What you return must be the lines of the data that hold the word "exactly".

START Information shown

Definition brmul n (a b : spart n * spart n) : spart n * spart n :=
  (pmul a.1 b.1, pmul a.2 b.2).

(* s_i, t_i, b_i (for i with i.+1 < n; paper index i+1) *)
Definition s_gen n (i : 'I_n) : spart n :=
  [set [set top i; bot (succI i)]; [set top (succI i); bot i]] :|:
  [set [set top j; bot j] | j in [set j : 'I_n | (j != i) && (j != succI i)]].

Definition t_gen n (i : 'I_n) : spart n :=
  [set [set top i; top (succI i)]; [set bot i; bot (succI i)]] :|:
  [set [set top j; bot j] | j in [set j : 'I_n | (j != i) && (j != succI i)]].

Definition b_gen n (i : 'I_n) : spart n :=
  [set [set top i; bot i; top (succI i); bot (succI i)]] :|:
  [set [set top j; bot j] | j in [set j : 'I_n | (j != i) && (j != succI i)]].

Inductive gkind := Gd | Ge | Gz.

Definition gen n (g : gkind * 'I_n) : spart n * spart n :=
  match g.1 with
  | Gd => (t_gen g.2, b_gen g.2)
  | Ge => (idp n, b_gen g.2)
  | Gz => (s_gen g.2, b_gen g.2)
  end.

Definition evalw n (w : seq (gkind * 'I_n)) : spart n * spart n :=
  foldr (fun g acc => brmul (gen g) acc) (idp n, idp n) w.

From mathcomp Require Import all_boot perm zify.
Set Implicit Arguments. Unset Strict Implicit. Unset Printing Implicit Defensive.

(* A Brauer diagram is encoded by the fixed-point-free involution p pairing each point
   with the other point of its block.  Left multiplication by z_i conjugates p by the
   transposition of top i and top (i+1); left multiplication by d_i creates the cap
   {top i, top (i+1)} and joins the former partners of these two points; e_i leaves the
   first component unchanged.  The second component of a word is obtained from 1 by
   merging columns i and i+1 for every letter of index i.  Hence, if every index i used
   has top i and top (i+1) in one block of J, prepending e_i for all such i turns the
   second component into the boxed partition J.
   The first component is reached by induction on the number of caps.  A cap
   {top a, top b} is moved by z's to the adjacent cap {top (b-1), top b}, which d_(b-1)
   creates from a diagram with fewer caps: exchange top b with a point bot c of the
   J-block of top (b-1) lying on a cup; such a point exists by counting.  A cap-free
   diagram is a permutation, sorted by adjacent transpositions, and each of them stays
   inside a block of J because the blocks of J meet the top row in intervals. *)

Section Points.
Variable n : nat.
Implicit Types (x y z : 'I_(n + n)) (i j k : 'I_n).

Definition col x : 'I_n := match split x with inl i => i | inr i => i end.
Definition is_top x : bool := if split x is inl _ then true else false.
Lemma excess_profile_ge_shares :
  3 / 2 * (nv e 3)%:R + 22 / 5 * (nv e 4)%:R <= excess_profile R (medges e).
Proof.
rewrite /excess_profile -sum_edges_by_class //; last exact: excess_sym.
have shares_le : \sum_(p in edges e) (share R (D p.1) + share R (D p.2))
                 <= \sum_(p in edges e) excess R (D p.1) (D p.2).
  apply: ler_sum => p pE; apply: excess_ge_shares; rewrite ?deg_gt0 ?deg_le4 //.
  exact: leaves_not_adjacent.
apply: le_trans shares_le.
rewrite (sum_edges_endpoints (fun u => share R (D u))); last by case: e_chem.
rewrite (sum_vertices_by_class e_chem n_gt2 (fun d => share R d *+ d)) !big_cons big_nil /=.
have [_ h1 h2 h3 [h4 hv hm]] := degree_profile e_chem n_gt2.
have /(congr1 (fun k => k%:R : R)) : nv e 1 = (nv e 3 + 2 * nv e 4)%N by lia.
rewrite natrD natrM; lra.
Qed.

Lemma excess_profile_gt_alpha9 : ~ (alpha1 e \/ alpha2 e \/ alpha3 e \/ alpha9 e) ->
  excess R 1 2 *+ 2 + excess R 2 3 *+ 4 + excess R 3 3 < excess_profile R (medges e).
Proof.
case/(not_alpha_profile e_chem n_gt2) => [many_branches | [v4 v3 not_alpha9]].
  apply: lt_le_trans excess_profile_ge_shares.
  have := ler0n R (nv e 3); have := ler0n R (nv e 4).
  case/orP: many_branches => ?;
    [have : 1 <= (nv e 4)%:R :> R by rewrite ler1n
    | have : 3 <= (nv e 3)%:R :> R by rewrite ler_nat];
  have := weight_bounds R; rewrite /excess; lra.
have [m11 h1 h2 h3 [h4 hv hm]] := degree_profile e_chem n_gt2.
have m33 := medges_diag_le e 3; rewrite v3 binn in m33.
by apply: excess_profile_two_branches; try split; lia.
Qed.

End SomborExcess.

Theorem theorem3p6 (R : realType) (n : nat) (hn : (7 <= n)%N)
  (G1 G2 G3 G4 G : rel 'I_n) :
  chem_unicyclic G1 -> alpha1 G1 ->
  chem_unicyclic G2 -> alpha3 G2 ->
  chem_unicyclic G3 -> alpha2 G3 ->
  chem_unicyclic G4 -> alpha9 G4 ->
  chem_unicyclic G ->
  ~ (alpha1 G \/ alpha2 G \/ alpha3 G \/ alpha9 G) ->
  [/\ sombor R G1 < sombor R G2, sombor R G2 < sombor R G3,
      sombor R G3 < sombor R G4 & sombor R G4 < sombor R G].
Proof.
move=> C1 A1 C2 A3 C3 A2 C4 A9 CG not_alpha.
have n_gt2 : (2 < n)%N by lia.
rewrite !(sombor_excess R C1 n_gt2, sombor_excess R C2 n_gt2, sombor_excess R C3 n_gt2,
          sombor_excess R C4 n_gt2, sombor_excess R CG n_gt2).
rewrite (excess_profile_alpha1 R A1) (excess_profile_alpha3 R A3)
        (excess_profile_alpha2 R A2) (excess_profile_alpha9 R A9) !ltrD2l.
have [lt12 lt23 lt34] := excess_alpha_chain R.
by split => //; apply: excess_profile_gt_alpha9.
Qed.
(* Let $M>0$, $0\le a<M$, $r_+=M+\sqrt{M^2-a^2}$ and $\Delta(r)=r^2-2Mr+a^2$. For $\mathcal{Q}\ge 0$ and $r>r_+$ define $$V_{\pm}(r,\mathcal Q)=\frac{2Mar\pm\sqrt{r\Delta(r)\big((1+\mathcal Q)r^3+a^2\mathcal Q(r+2M)\big)}}{r\,[\,r(r^2+a^2)+2Ma^2\,]}.$$ Then for every fixed $\mathcal Q\ge 0$, each of the functions $r\mapsto V_+(r,\mathcal Q)$ and $r\mapsto V_-(r,\mathcal Q)$ has exactly one local extremum in the interval $(r_+,\infty)$.
   Context: These are the ''pseudo potentials'' for null geodesics in the exterior of a sub-extremal Kerr spacetime in Boyer–Lindquist coordinates. For a null geodesic with $L_z\neq0$, set $\mathcal E=E/L_z$ and $\mathcal Q=Q/L_z^2$, where $E$ is the energy, $L_z$ the axial angular momentum and $Q=K-(aE-L_z)^2$ with $K$ Carter's constant. The radial function $R(r)=((r^2+a^2)E-aL_z)^2-\Delta(r)K$ satisfies $R=L_z^2\, r[r(r^2+a^2)+2Ma^2](\mathcal E-V_+(r,\mathcal Q))(\mathcal E-V_-(r,\mathcal Q))$, so $V_\pm(r,\mathcal Q)$ are the two values of $\mathcal E$ for which $r$ is a radial turning point. *)

From Stdlib Require Import Reals.
Open Scope R_scope.

Definition Delta (M a r : R) : R := r ^ 2 - 2 * M * r + a ^ 2.

Definition rplus (M a : R) : R := M + sqrt (M ^ 2 - a ^ 2).

Definition Vroot (M a Q r : R) : R :=
  sqrt (r * Delta M a r * ((1 + Q) * r ^ 3 + a ^ 2 * Q * (r + 2 * M))).

Definition Vden (M a r : R) : R := r * (r * (r ^ 2 + a ^ 2) + 2 * M * a ^ 2).

Definition Vplus (M a Q r : R) : R := (2 * M * a * r + Vroot M a Q r) / Vden M a r.
Definition Vminus (M a Q r : R) : R := (2 * M * a * r - Vroot M a Q r) / Vden M a r.

Definition local_extremum_on (f : R -> R) (lo x : R) : Prop :=
  lo < x /\
  exists eps : R, 0 < eps /\
    ((forall y, lo < y -> Rabs (y - x) < eps -> f y <= f x) \/
     (forall y, lo < y -> Rabs (y - x) < eps -> f x <= f y)).

From Pilot Require Import Defs.
From Stdlib Require Import Reals Lra Psatz.
From Coquelicot Require Import Coquelicot.
Open Scope R_scope.

(* Write S for the square root and D for the denominator in V±.  Differentiating gives
   V±' = ±(Cpoly - alpha V±) / (2 S D) for explicit polynomials Cpoly and alpha >= 0, and
   the two numerators phi± satisfy
     phi+ + phi- = -2 alpha S / D <= 0   and   phi+ phi- = Kpoly G / D   with Kpoly > 0,
   where G = sph_num - Q sph_den^2 vanishes exactly at the spherical photon orbits.
   Where sph_den <> 0, G = sph_den^2 (Qsph - Q), and Qsph = sph_num / sph_den^2 increases
   before and decreases after the unique zero of the concave cubic sph_den beyond r+.  Hence
   G < 0 except on an interval (c1, c2) where G > 0 (c1 = c2 = 3M when a = 0).  As
   phi+ > 0 at r+ and phi+ < 0 at 4M, the sign of the product and of the sum force phi+ to
   change sign only at c1 and phi- only at c2: V+ increases and then decreases, V- decreases
   and then increases. *)

Lemma local_extremum_on_opp (f : R -> R) lo r :
  local_extremum_on (fun x => - f x) lo r <-> local_extremum_on f lo r.
Proof.
  unfold local_extremum_on.
  split; intros [Hr [eps [Heps Hext]]]; split; auto; exists eps; split; auto;
    destruct Hext as [H | H]; [right | left | right | left];
    intros y Hy Hye; specialize (H y Hy Hye); lra.
Qed.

END Information shown

Answer:
(* Let $M>0$, $0\le a<M$, $r_+=M+\sqrt{M^2-a^2}$ and $\Delta(r)=r^2-2Mr+a^2$. For $\mathcal{Q}\ge 0$ and $r>r_+$ define $$V_{\pm}(r,\mathcal Q)=\frac{2Mar\pm\sqrt{r\Delta(r)\big((1+\mathcal Q)r^3+a^2\mathcal Q(r+2M)\big)}}{r\,[\,r(r^2+a^2)+2Ma^2\,]}.$$ Then for every fixed $\mathcal Q\ge 0$, each of the functions $r\mapsto V_+(r,\mathcal Q)$ and $r\mapsto V_-(r,\mathcal Q)$ has exactly one local extremum in the interval $(r_+,\infty)$.
   where G = sph_num - Q sph_den^2 vanishes exactly at the spherical photon orbits.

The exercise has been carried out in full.